AVAILABLE DATA below:

Lemma subalg_graded u : U u -> exists s : seq (V * int), u = \sum_(p <- s) p.1 /\
  (forall p, p \in s -> U p.1 /\ Y w 1 p.1 = p.2%:~R *: p.1).
Proof.
elim=> {u} [|a u1 u2 _ [s1 [-> s1P]] _ [s2 [-> s2P]]|b m u1 bP _ [s1 [-> s1P]]].
- exists [:: (one, 0)]; split; first by rewrite big_seq1.
  move=> p; rewrite inE => /eqP -> /=; split; first exact: subalg_one.
  by rewrite mode_vacuum // scale0r.
- exists ([seq (a *: p.1, p.2) | p <- s1] ++ s2); split.
    by rewrite big_cat big_map /= scaler_sumr.
  move=> p; rewrite mem_cat => /orP[/mapP[p' /s1P[Up' L0p'] ->]|/s2P //] /=.
  by split; [exact: subalgZ | rewrite vopZr L0p' !scalerA mulrC].
- exists [seq (Y (hvec b) m p.1, p.2 - m) | p <- s1]; split.
    by rewrite big_map vop_sumr.
  move=> p /mapP[p' /s1P[Up' L0p'] ->] /=; split; first exact: subalg_mode.
  by rewrite L0_hvec_mode L0p' vopZr intrB scalerBl.
Qed.

Lemma semi_conformal_proj : semi_conformal Y one w wP.
Proof.
have agree := proj_conformal_agree.
exists U; split; last by move=> n n0 u Uu; apply: agree.
have [_ [_ [_ [_ [_ [_ [fin_wt [N wt_low]]]]]]]] := voaY.
split; [|split; [|split; [|split; [|split; [|split; [|split]]]]]].
- apply: (is_va_on_subspace vaY); [split | exact: subalg_one | exact: subalg_mode_closed].
    exact: subalg0.
  by move=> a u v Uu Uv; apply: subalg_lin.
- exact: subalg_proj_conformal.
- by exists (2%:R * proj_charge) => m n v; apply: proj_conformal_virasoro.
- exact: proj_conformal_L0.
- by move=> u Uu n x Ux; rewrite -(agree u 0 Uu) // conformal_derivative.
- move=> v /subalg_graded[s [-> sP]].
  exists (size s), (fun i => (nth (0, 0) s i).1), (fun i => (nth (0, 0) s i).2); split.
    by rewrite (big_nth (0, 0)) big_mkord.
  move=> i; have [Up L0p] := sP _ (mem_nth (0, 0) (ltn_ord i)).
  by split => //; rewrite -agree.
- move=> n; have [s sP] := fin_wt n; exists s => v Uv L0v.
  by apply: sP => //; rewrite agree.
- by exists N => n v ltnN Uv L0v; apply: (wt_low n v ltnN) => //; rewrite agree.
Qed.

End GeneratedSubalgebra.

Lemma imA_rel_symmx w' W B b : w' = quad B + hder b -> imA_rel Y one h w' W ->
  (W == symmx B)%MS.
Proof.
move=> defw' [a [b' [defw'a eqW]]]; move: defw'a; rewrite defw' weight2_vec_quad.
by move/symmx_eq_quad_hder ->; rewrite -trmx_symmx -Amat_symmx.
Qed.

Lemma imA_rel_regular w' : semi_conformal Y one w w' ->
  exists W : 'M[K]_d, imA_rel Y one h w' W /\ regular_sub W.
Proof.
move=> /semi_conformal_quad[B [-> idemS]]; have [a eqSa] := symmx_upper_part B.
exists (symmx B); split; last exact: sym_idem_regular (trmx_symmx B) idemS.
exists a, 0; rewrite weight2_vec_quad hder0 addr0 Amat_symmx eqSa trmx_symmx submx_refl.
by split => //; apply: quad_eq_symmx.
Qed.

End of AVAILABLE DATA.

▶ [WHAT NEEDS TO BE DONE] Go back to the data above and please quote exactly, and only, the lines from the line with "- exists [seq" through its last line.

▶ [SOLUTION]
- exists [seq (Y (hvec b) m p.1, p.2 - m) | p <- s1]; split.
    by rewrite big_map vop_sumr.
  move=> p /mapP[p' /s1P[Up' L0p'] ->] /=; split; first exact: subalg_mode.
  by rewrite L0_hvec_mode L0p' vopZr intrB scalerBl.
Qed.

Lemma semi_conformal_proj : semi_conformal Y one w wP.
Proof.
have agree := proj_conformal_agree.
exists U; split; last by move=> n n0 u Uu; apply: agree.
have [_ [_ [_ [_ [_ [_ [fin_wt [N wt_low]]]]]]]] := voaY.
split; [|split; [|split; [|split; [|split; [|split; [|split]]]]]].
- apply: (is_va_on_subspace vaY); [split | exact: subalg_one | exact: subalg_mode_closed].
    exact: subalg0.
  by move=> a u v Uu Uv; apply: subalg_lin.
- exact: subalg_proj_conformal.
- by exists (2%:R * proj_charge) => m n v; apply: proj_conformal_virasoro.
- exact: proj_conformal_L0.
- by move=> u Uu n x Ux; rewrite -(agree u 0 Uu) // conformal_derivative.
- move=> v /subalg_graded[s [-> sP]].
  exists (size s), (fun i => (nth (0, 0) s i).1), (fun i => (nth (0, 0) s i).2); split.
    by rewrite (big_nth (0, 0)) big_mkord.
  move=> i; have [Up L0p] := sP _ (mem_nth (0, 0) (ltn_ord i)).
  by split => //; rewrite -agree.
- move=> n; have [s sP] := fin_wt n; exists s => v Uv L0v.
  by apply: sP => //; rewrite agree.
- by exists N => n v ltnN Uv L0v; apply: (wt_low n v ltnN) => //; rewrite agree.
Qed.

End GeneratedSubalgebra.

Lemma imA_rel_symmx w' W B b : w' = quad B + hder b -> imA_rel Y one h w' W ->
  (W == symmx B)%MS.
Proof.
move=> defw' [a [b' [defw'a eqW]]]; move: defw'a; rewrite defw' weight2_vec_quad.
by move/symmx_eq_quad_hder ->; rewrite -trmx_symmx -Amat_symmx.
Qed.

Lemma imA_rel_regular w' : semi_conformal Y one w w' ->
  exists W : 'M[K]_d, imA_rel Y one h w' W /\ regular_sub W.
Proof.
move=> /semi_conformal_quad[B [-> idemS]]; have [a eqSa] := symmx_upper_part B.
exists (symmx B); split; last exact: sym_idem_regular (trmx_symmx B) idemS.
exists a, 0; rewrite weight2_vec_quad hder0 addr0 Amat_symmx eqSa trmx_symmx submx_refl.
by split => //; apply: quad_eq_symmx.
Qed.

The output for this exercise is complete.